ChiefTwoPencils
ChiefTwoPencils

Reputation: 13940

What's causing unwanted space with zero margins?

I have a basic template started with minimal css. I have set the padding and margin to 0 yet I have a small amount of whitespace to the right of the body. Here's the important css:

:root {
  -webkit-box-sizing: border-box;
  -moz-box-sizing: border-box;
  box-sizing: border-box;
  font-size: calc(1vw + 0.6em);
}

*,
*::before,
*::after {
  -webkit-box-sizing: inherit;
  -moz-box-sizing: inherit;
  box-sizing: inherit;
}

body {
  margin: 0;
  padding: 0;
  font-family: Helvita, Arial, sans-serif;
  background-color: $no-flash-white;
}


Here's what the dev tools shows when inspecting the body where we can see the user agent styles being overridden:

enter image description here

Despite that however, this is the result which I cannot seem to override even with global resets like seen here:

enter image description here

How can I identify the culprit here and what is the least obtrusive approach to fixing it?

Upvotes: 3

Views: 76

Answers (1)

tao
tao

Reputation: 90277

What you're showing is not a margin, but a scrollbar.

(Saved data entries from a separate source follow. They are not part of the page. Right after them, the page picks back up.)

(* Let $n$ views be given, view $i$ containing $m_i$ items, and let $l=\sum_{i=1}^n m_i$. Let $\tilde P\in\{0,1\}^{l\times l}$ be a noisy aggregate association matrix (block $(i,j)$ is $\tilde P^i_j\in\{0,1\}^{m_i\times m_j}$, with $\tilde P^i_i=I$), let $\tilde C$ be the diagonal matrix whose $k$-th diagonal entry is the $k$-th row sum of $\tilde P$, let $\tilde L=\tilde C-\tilde P$, $\tilde P_{\mathrm{nrm}}=\tilde C^{-1/2}\tilde P\tilde C^{-1/2}$ and $\tilde L_{\mathrm{nrm}}=\tilde C^{-1/2}\tilde L\tilde C^{-1/2}$. Consider Problem 1: $$\max_{P^i_j\in\mathbb P}\ \langle P_{\mathrm{nrm}},\tilde P_{\mathrm{nrm}}\rangle\quad\text{subject to } P=VV^\top,\ V\in\mathbb V,$$ where $P$ is the aggregate matrix with blocks $P^i_j$, $C$ is the diagonal matrix of row sums of $P$, and $P_{\mathrm{nrm}}=C^{-1/2}PC^{-1/2}$. Then Problem 1 is equivalent to the program $$\min_{U\in\mathbb U}\ \mathrm{tr}\big(U^\top\tilde L_{\mathrm{nrm}}U\big),$$ where $\mathbb U=\{U: U=C^{-1/2}V,\ V\in\mathbb V\}$ (with $C$ the diagonal row-sum matrix of $VV^\top$), in the sense that $V$ is optimal for Problem 1 if and only if $U=C^{-1/2}V$ is optimal for the latter program; moreover every $U\in\mathbb U$ satisfies $U^\top U=I$.
   Context: A partial permutation matrix is a $0/1$ matrix in which each row and each column contains at most one entry equal to $1$; $\mathbb P$ denotes the set of all such matrices. A lifting permutation matrix $P^i\in\{0,1\}^{m_i\times m}$ is a $0/1$ matrix each of whose rows contains exactly one entry equal to $1$ and each of whose columns contains at most one entry equal to $1$. $\mathbb V$ is the set of matrices $V=[P^{1\top}\ P^{2\top}\ \cdots\ P^{n\top}]^\top\in\{0,1\}^{l\times m}$ with each $P^i$ a lifting permutation matrix, where $m$ (the size of the universe) is the number of distinct items, so that every column of $V$ contains at least one entry equal to $1$. $\langle A,B\rangle=\mathrm{tr}(A^\top B)$ is the Frobenius inner product. *)

From HB Require Import structures.
From mathcomp Require Import all_boot all_order all_algebra.
Set Implicit Arguments. Unset Strict Implicit. Unset Printing Implicit Defensive.
Import Order.TTheory GRing.Theory Num.Theory.
Local Open Scope ring_scope.

Section Defs.
Variable R : rcfType.

Definition is01 (x : R) : bool := (x == 0) || (x == 1).

Definition partial_perm_mx (p q : nat) (A : 'M[R]_(p, q)) : Prop :=
  (forall a b, is01 (A a b)) /\
  (forall a, #|[set b | A a b == 1%R]| <= 1)%N /\
  (forall b, #|[set a | A a b == 1%R]| <= 1)%N.

Definition lifting_perm_mx (p q : nat) (A : 'M[R]_(p, q)) : Prop :=
  (forall a b, is01 (A a b)) /\
  (forall a, #|[set b | A a b == 1%R]| = 1)%N /\
  (forall b, #|[set a | A a b == 1%R]| <= 1)%N.

Definition in_VV (n : nat) (msz : 'I_n -> nat) (m : nat)
    (V : 'M[R]_(\sum_(i < n) msz i, m)) : Prop :=
  (forall i, lifting_perm_mx (submxcol V i)) /\
  (forall b, (0 < #|[set a | V a b == 1%R]|)%N).

Definition rowsum_diag (l : nat) (A : 'M[R]_l) : 'M[R]_l :=
  diag_mx (\row_a \sum_b A a b).

Definition rowsum_diag_invsqrt (l : nat) (A : 'M[R]_l) : 'M[R]_l :=
  diag_mx (\row_a (Num.sqrt (\sum_b A a b))^-1).

Definition nrm (l : nat) (A : 'M[R]_l) : 'M[R]_l :=
  rowsum_diag_invsqrt A *m A *m rowsum_diag_invsqrt A.

Definition lap_nrm (l : nat) (A : 'M[R]_l) : 'M[R]_l :=
  rowsum_diag_invsqrt A *m (rowsum_diag A - A) *m rowsum_diag_invsqrt A.

Definition frob (p q : nat) (A B : 'M[R]_(p, q)) : R := \tr (A^T *m B).

Definition blocks_pp (n : nat) (msz : 'I_n -> nat)
    (P : 'M[R]_(\sum_(i < n) msz i)) : Prop :=
  forall i j, partial_perm_mx (submxblock P i j : 'M[R]_(msz i, msz j)).

Definition obj1 (n : nat) (msz : 'I_n -> nat) (m : nat)
    (Pt : 'M[R]_(\sum_(i < n) msz i)) (V : 'M[R]_(\sum_(i < n) msz i, m)) : R :=
  frob (nrm (V *m V^T)) (nrm Pt).

Definition feas1 (n : nat) (msz : 'I_n -> nat) (m : nat)
    (V : 'M[R]_(\sum_(i < n) msz i, m)) : Prop :=
  in_VV V /\ blocks_pp (V *m V^T).

Definition opt1 (n : nat) (msz : 'I_n -> nat) (m : nat)
    (Pt : 'M[R]_(\sum_(i < n) msz i)) (V : 'M[R]_(\sum_(i < n) msz i, m)) : Prop :=
  feas1 V /\ forall V' : 'M[R]_(\sum_(i < n) msz i, m),
    feas1 V' -> obj1 Pt V' <= obj1 Pt V.

Definition U_of (l m : nat) (V : 'M[R]_(l, m)) : 'M[R]_(l, m) :=
  rowsum_diag_invsqrt (V *m V^T) *m V.

Definition in_UU (n : nat) (msz : 'I_n -> nat) (m : nat)
    (U : 'M[R]_(\sum_(i < n) msz i, m)) : Prop :=
  exists V : 'M[R]_(\sum_(i < n) msz i, m), in_VV V /\ U = U_of V.

Definition obj2 (n : nat) (msz : 'I_n -> nat) (m : nat)
    (Pt : 'M[R]_(\sum_(i < n) msz i)) (U : 'M[R]_(\sum_(i < n) msz i, m)) : R :=
  \tr (U^T *m lap_nrm Pt *m U).

Definition opt2 (n : nat) (msz : 'I_n -> nat) (m : nat)
    (Pt : 'M[R]_(\sum_(i < n) msz i)) (U : 'M[R]_(\sum_(i < n) msz i, m)) : Prop :=
  in_UU U /\ forall U' : 'M[R]_(\sum_(i < n) msz i, m),
    in_UU U' -> obj2 Pt U <= obj2 Pt U'.

End Defs.

From HB Require Import structures.
From mathcomp Require Import all_boot all_order all_algebra.
Import Order.TTheory GRing.Theory Num.Theory.
Local Open Scope ring_scope.
Set Implicit Arguments. Unset Strict Implicit.

(* Every V in the set V is the indicator matrix of a map c sending each item
   to its element of the universe: c is onto (every column of V has a 1) and
   one-to-one on each view (the P^i are liftings).  So V V^T is the 0/1 matrix
   [c a = c a'], its blocks are partial permutations, its row sum at a is the
   size of the fibre of c through a, and the columns of U = C^{-1/2} V are the
   normalised indicators of the fibres, hence orthonormal.  By cyclicity of
   the trace <P_nrm, P~_nrm> = tr (U^T P~_nrm U); as P~ has a unit diagonal its
   row sums are positive, L~_nrm = I - P~_nrm, and
   tr (U^T L~_nrm U) = m - <P_nrm, P~_nrm>: maximising one objective is
   minimising the other. *)

Section IndicatorMatrix.
Variable R : rcfType.

Definition indicator_mx (l m : nat) (c : 'I_l -> 'I_m) : 'M[R]_(l, m) :=
  \matrix_(a, b) (b == c a)%:R.

Lemma indicator_mxP (p q : nat) (A : 'M[R]_(p, q)) :
  (forall a b, is01 (A a b)) -> (forall a, #|[set b | A a b == 1%R]| = 1)%N ->
  exists c, A = indicator_mx c.
Proof.
move=> A01 row1.
have /fin_all_exists [c Ac] :
    forall a, exists c, [set b | A a b == 1] = [set c].
  by move=> a; apply/cards1P; rewrite row1.
exists c; apply/matrixP => a b; have /setP/(_ b) := Ac a; rewrite !inE !mxE.
case: (b == c a) => /eqP; case/orP: (A01 a b) => /eqP ->;
  by rewrite ?oner_eq0 ?eqxx.
Qed.

Section Indicator.
Variables (l m : nat) (c : 'I_l -> 'I_m).

Lemma indicator_col_injective :
  (forall b, #|[set a | indicator_mx c a b == 1%R]| <= 1)%N -> injective c.
Proof.
move=> col1 a a' eq_c; have /card_le1_eqP := col1 (c a); apply;
  by rewrite inE mxE ?eq_c eqxx.
Qed.

Lemma indicator_col_surjective :
  (forall b, 0 < #|[set a | indicator_mx c a b == 1%R]|)%N ->
  forall b, exists a, c a = b.
Proof.
move=> col_gt0 b.
have /set0Pn [a] : [set a | indicator_mx c a b == 1] != set0.
  by rewrite -card_gt0.
by rewrite inE mxE pnatr_eq1 eqb1 => /eqP ->; exists a.
Qed.

Lemma mul_indicator_tr :
  indicator_mx c *m (indicator_mx c)^T = \matrix_(a, a') (c a == c a')%:R.
Proof.
apply/matrixP => a a'; rewrite !mxE (bigD1 (c a)) //= big1 => [|b ne_b].
  by rewrite !mxE eqxx mul1r addr0 eq_sym.
by rewrite !mxE (negbTE ne_b) mul0r.
Qed.

Lemma U_of_indicator_orthonormal : (forall b, exists a, c a = b) ->
  (U_of (indicator_mx c))^T *m U_of (indicator_mx c) = 1%:M.
Proof.
move=> c_surj; apply/matrixP => b b'.
rewrite /U_of /rowsum_diag_invsqrt mul_indicator_tr mul_diag_mx !mxE.
pose N x := \sum_a' (x == c a')%:R : R.
transitivity (\sum_a (b == b')%:R * ((b == c a)%:R / N b)).
  apply: eq_bigr => a _; rewrite !mxE.
  under eq_bigr => a' _ do rewrite mxE; rewrite -/(N (c a)).
  case: (eqVneq (c a) b) => [<- | _] /=; last by rewrite !(mul0r, mulr0).
  rewrite mulr1 mul1r mulrCA mulrA -invfM -expr2 sqr_sqrtr.
    by rewrite eq_sym mulrC.
  by apply: sumr_ge0 => a' _; apply: ler0n.
rewrite -mulr_sumr -mulr_suml divff ?mulr1 //.
have [a0 <-] := c_surj b.
by rewrite /N -natr_sum pnatr_eq0 (bigD1 a0) //= eqxx.
Qed.

End Indicator.

Lemma partial_perm_mx_eq (T : eqType) (p q : nat)
    (f : 'I_p -> T) (g : 'I_q -> T) :
  injective f -> injective g ->
  partial_perm_mx (\matrix_(k, k') (f k == g k')%:R : 'M[R]_(p, q)).
Proof.
move=> f_inj g_inj; split; [|split].
- by move=> k k'; rewrite mxE; case: (f k == g k'); rewrite /is01 eqxx ?orbT.
- move=> k; apply/card_le1_eqP => x y.
  rewrite !inE !mxE !pnatr_eq1 !eqb1.
  by move=> /eqP fx /eqP fy; apply: g_inj; rewrite -fx -fy.
- move=> k'; apply/card_le1_eqP => x y.
  rewrite !inE !mxE !pnatr_eq1 !eqb1.
  by move=> /eqP fx /eqP fy; apply: f_inj; rewrite fx fy.
Qed.

End IndicatorMatrix.

Section NormalizedMatrices.
Variables (R : rcfType) (l m : nat).

Lemma is01_ge0 (x : R) : is01 x -> 0 <= x.
Proof. by case/orP => /eqP ->; rewrite ?ler01. Qed.

Lemma rowsum01_gt0 (A : 'M[R]_l) : (forall a b, is01 (A a b)) ->
  (forall a, A a a = 1) -> forall a, 0 < \sum_b A a b.
Proof.
move=> A01 A_diag a; rewrite (bigD1 a) //= A_diag.
by rewrite ltr_pwDl ?ltr01 //; apply: sumr_ge0 => b _; apply: is01_ge0.
Qed.

Lemma lap_nrmE (A : 'M[R]_l) : (forall a, 0 < \sum_b A a b) ->
  lap_nrm A = 1%:M - nrm A.
Proof.
move=> rowsum_gt0; rewrite /lap_nrm /nrm mulmxBr mulmxBl; congr (_ - _).
rewrite /rowsum_diag_invsqrt /rowsum_diag !mulmx_diag -diag_const_mx.
congr diag_mx; apply/rowP => a; rewrite !mxE.
have s_gt0 := rowsum_gt0 a; set s := \sum_b A a b in s_gt0 *.
have sqrt_s_neq0 : Num.sqrt s != 0 by rewrite gt_eqF // sqrtr_gt0.
rewrite -{2}(sqr_sqrtr (ltW s_gt0)) expr2.
by rewrite mulrA mulVf // mul1r mulfV.
Qed.

Lemma frob_nrm_U_of (A : 'M[R]_l) (V : 'M[R]_(l, m)) :
  frob (nrm (V *m V^T)) (nrm A) = \tr ((U_of V)^T *m nrm A *m U_of V).
Proof.
rewrite /frob {1}/nrm /U_of; set D := rowsum_diag_invsqrt (V *m V^T).
have trD : D^T = D by rewrite /D /rowsum_diag_invsqrt tr_diag_mx.
by rewrite !trmx_mul trmxK trD [RHS]mxtrace_mulC !mulmxA.
Qed.

Lemma mxtrace_orthonormal_subr (N : 'M[R]_l) (U : 'M[R]_(l, m)) :
  U^T *m U = 1%:M -> \tr (U^T *m (1%:M - N) *m U) = m%:R - \tr (U^T *m N *m U).
Proof.
by move=> UtU; rewrite mulmxBr mulmxBl mulmx1 UtU linearB /= mxtrace1.
Qed.

End NormalizedMatrices.

Section StackedViews.
Variables (R : rcfType) (n : nat) (msz : 'I_n -> nat) (m : nat).
Local Notation l := (\sum_(i < n) msz i).

Lemma submxcol_indicator (c : 'I_l -> 'I_m) i :
  submxcol (indicator_mx R c) i = indicator_mx R (fun k => c (tagnat.Rank i k)).
Proof. by apply/matrixP => k b; rewrite !mxE. Qed.

Lemma in_VV_indicator (V : 'M[R]_(l, m)) : in_VV V ->
  exists c, [/\ V = indicator_mx R c, forall b, exists a, c a = b &
    forall i, injective (fun k : 'I_(msz i) => c (tagnat.Rank i k))].
Proof.
case=> lift col_gt0; have [c V_c] : exists c, V = indicator_mx R c.
  apply: indicator_mxP => [a b | a];
    have [V01 [row1 _]] := lift (tagnat.sig1 a).
    by have := V01 (tagnat.sig2 a) b; rewrite mxE tagnat.sig2K.
  have := row1 (tagnat.sig2 a).
  by under eq_finset => b do rewrite mxE tagnat.sig2K.
exists c; split=> //.
  by apply: (@indicator_col_surjective R); rewrite -V_c.
move=> i; have [_ [_ col1]] := lift i; apply: (@indicator_col_injective R).
by rewrite -submxcol_indicator -V_c.
Qed.

Lemma in_VV_feas1 (V : 'M[R]_(l, m)) : in_VV V -> feas1 V.
Proof.
move=> V_VV; split=> //; have [c [-> _ c_inj]] := in_VV_indicator V_VV => i j.
have -> : submxblock (indicator_mx R c *m (indicator_mx R c)^T) i j =
    \matrix_(k, k') (c (tagnat.Rank i k) == c (tagnat.Rank j k'))%:R.
  by apply/matrixP => k k'; rewrite mul_indicator_tr !mxE.
exact: partial_perm_mx_eq.
Qed.

Lemma in_UU_orthonormal (U : 'M[R]_(l, m)) : in_UU U -> U^T *m U = 1%:M.
Proof.
case=> V [/in_VV_indicator [c [-> c_surj _]] ->].
exact: U_of_indicator_orthonormal.
Qed.

Lemma submxblock_diag1 (A : 'M[R]_l) :
  (forall i, submxblock A i i = 1%:M) -> forall a, A a a = 1.
Proof.
move=> A_diag a; pose k := tagnat.sig2 a.
have := congr1 (fun B : 'M_(msz (tagnat.sig1 a)) => B k k) (A_diag _).
by rewrite !mxE tagnat.sig2K eqxx.
Qed.

Lemma obj2_U_of (Pt : 'M[R]_l) (V : 'M[R]_(l, m)) :
  (forall a, 0 < \sum_b Pt a b) -> in_VV V ->
  obj2 Pt (U_of V) = m%:R - obj1 Pt V.
Proof.
move=> rowsum_gt0 V_VV; rewrite /obj2 /obj1 frob_nrm_U_of lap_nrmE //.
by rewrite mxtrace_orthonormal_subr //; apply: in_UU_orthonormal; exists V.
Qed.

End StackedViews.

Theorem proposition2 (R : rcfType) (n : nat) (msz : 'I_n -> nat) (m : nat)
    (Pt : 'M[R]_(\sum_(i < n) msz i))
    (Pt01 : forall a b, is01 (Pt a b))
    (Pt_diag : forall i, (submxblock Pt i i : 'M[R]_(msz i, msz i)) = 1%:M) :
  (forall V : 'M[R]_(\sum_(i < n) msz i, m),
      in_VV V -> (opt1 Pt V <-> opt2 Pt (U_of V))) /\
  (forall U : 'M[R]_(\sum_(i < n) msz i, m), in_UU U -> U^T *m U = 1%:M).
Proof.
have obj2E := obj2_U_of (rowsum01_gt0 Pt01 (submxblock_diag1 Pt_diag)).
split=> [V V_VV|]; last exact: in_UU_orthonormal.
split=> [[_ V_max] | [_ U_min]].
- split=> [|_ [V' [V'_VV ->]]]; first by exists V.
  by rewrite !obj2E // lerD2l lerN2; apply/V_max/in_VV_feas1.
- split=> [|V' [V'_VV _]]; first exact: in_VV_feas1.
  have := U_min _ (ex_intro _ V' (conj V'_VV erefl)).
  by rewrite !obj2E // lerD2l lerN2.
Qed.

That's how it looks on desktop devices. Typically it has 17px on Chrome although small variations have been observed, depending on OS.

There are no W3C recommendations regarding the scrolling mechanism its size, color or behavior, or if it should be painted inside or outside of the viewport. So its entirely browser territory. To make things worse, most browsers paint them differently on click based devices than on touch based devices.


That concludes my answer, but if you're interested in more on scrollbars, here are a few general observations:

Over the past few years, Firefox chose a similar behavior on desktop to the one on mobile, which is to render the scrollbar transparent, paint it over the page itself and only show it when hovered or when scrolling occurs.

Even though this might seem like a good idea (page always has same size, regardless of presence of scrollbar), technically, it disables pointer events on the entire area it is painted on and that has been a major argument of technical purists.

Probably the biggest problem with painting it besides the page (as Chrome does it on desktops) is the fact you can't integrate it with your page, as

::-webkit-scrollbar {
   background-color: transparent;
}

... results in it being white (which is the browser's background, not the page's).

The only practical solution for controlling the looks of the scrolling mechanism cross-browser/cross-device is to disable the scrollbar mechanism altogether and build your own, either from scratch or using dedicated libraries, which are invariably built from HTML elements. They have a tendency to fail or perform poorly on mobile devices, where the recommendation is to disable whatever library you're using.

It should also be noted that any such custom solution comes at a high price performance wise (scroll can fire up to 100 times/second). Performance increases by throttling, at the expense of page not responding so sharply to pointer changes (and/or scrollbar repainted with delay from scrolling event). Decent scrolling libraries do point this out.